To a solution of compound 16 (440 mg, 0.678 mmol, 1 equiv) in MeOH (12 mL), 10% palladium on carbon (72 mg, 0.068 mmol, 0.1 equiv) was added. The reaction mixture was stirred under a H2 atmosphere (1 atm) for 3 h. Carbon was filtered using a syringe filter (Teflon; 0.45 μm, washed with MeOH). The filtrate was evaporated under reduced pressure.
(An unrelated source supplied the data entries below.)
Lemma derivation_bound_ge0 (K : numFieldType) (A : completeNormedModType K)
    (mul : A -> A -> A) (J : set A) (D : A -> A -> K) :
  is_derivation_into_dual mul J D ->
  exists2 M, 0 <= M & forall a x, J x -> `|D a x| <= M * `|a| * `|x|.
Proof.
case=> _ _ [M DM] _; exists `|M| => // a x Jx; have Dax := DM a x Jx.
have bound_ge0 : 0 <= M * `|a| * `|x| := le_trans (normr_ge0 _) Dax.
by rewrite -[X in _ <= X]ger0_norm // !normrM !normr_id in Dax.
Qed.

Section WeakAmenabilityRetract.
Variables (K : numFieldType) (A : completeNormedModType K) (mul : A -> A -> A).
Variables (C J : set A) (Q : A -> A) (B : K).
Hypothesis J_sub_C : J `<=` C.
Hypothesis Q_J : forall x, C x -> J (Q x).
Hypothesis Q_id : forall x, J x -> Q x = x.
Hypothesis Q_linear :
  forall k x y, C x -> C y -> Q (k *: x + y) = k *: Q x + Q y.
Hypothesis Q_bmulr : forall x a, C x -> Q (mul x a) = mul (Q x) a.
Hypothesis Q_bmull : forall x b, C x -> Q (mul b x) = mul b (Q x).
Hypothesis Q_bounded : forall x, C x -> `|Q x| <= B * `|x|.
Purification by column chromatography on silica gel using gradient elution from 10 to 50% EtOAc in hexanes afforded product 30 as a colorless oil (304 mg, 80% yield). 1H NMR (400 MHz, chloroform-d): δ 7.26 (t, J = 8.0 Hz, 1H), 7.09 (t, J = 7.7 Hz, 1H), 7.06–6.96 (m, 2H), 6.78 (ddd, J = 8.2, 2.5, 0.9 Hz, 1H), 6.75–6.65 (m, 2H), 6.62 (t, J = 1.9 Hz, 1H), 6.44–6.02 (m, 1H), 4.02–3.90 (m, 1H), 3.82 (s, 3H), 3.73–3.57 (m, 1H), 2.83–2.65 (m, 1H), 2.56–2.39 (m, 3H), 1.46 (s, 3H), 1.43 (s, 3H), 1.42–1.22 (m, 9H), 0.87 (s, 9H), −0.03 (s, 3H), −0.07 (s, 3H). 13C NMR (101 MHz, chloroform-d): δ 159.6, 156.3, 156.2, 149.3, 140.4, 129.6, 129.3, 121.2, 118.6, 116.1, 113.4, 112.7, 111.4, 78.9, 71.4, 56.6, 55.6, 55.4, 44.7, 37.4, 29.7, 29.4, 28.6, 26.0, 18.2, −4.7, −4.8. HRMS-ESI (m/z) calcd for C31H51N2O5Si [M + H]+ 559.3567. Found 559.3563. [α]D20 = −22.3 (c 1.3, CHCl3).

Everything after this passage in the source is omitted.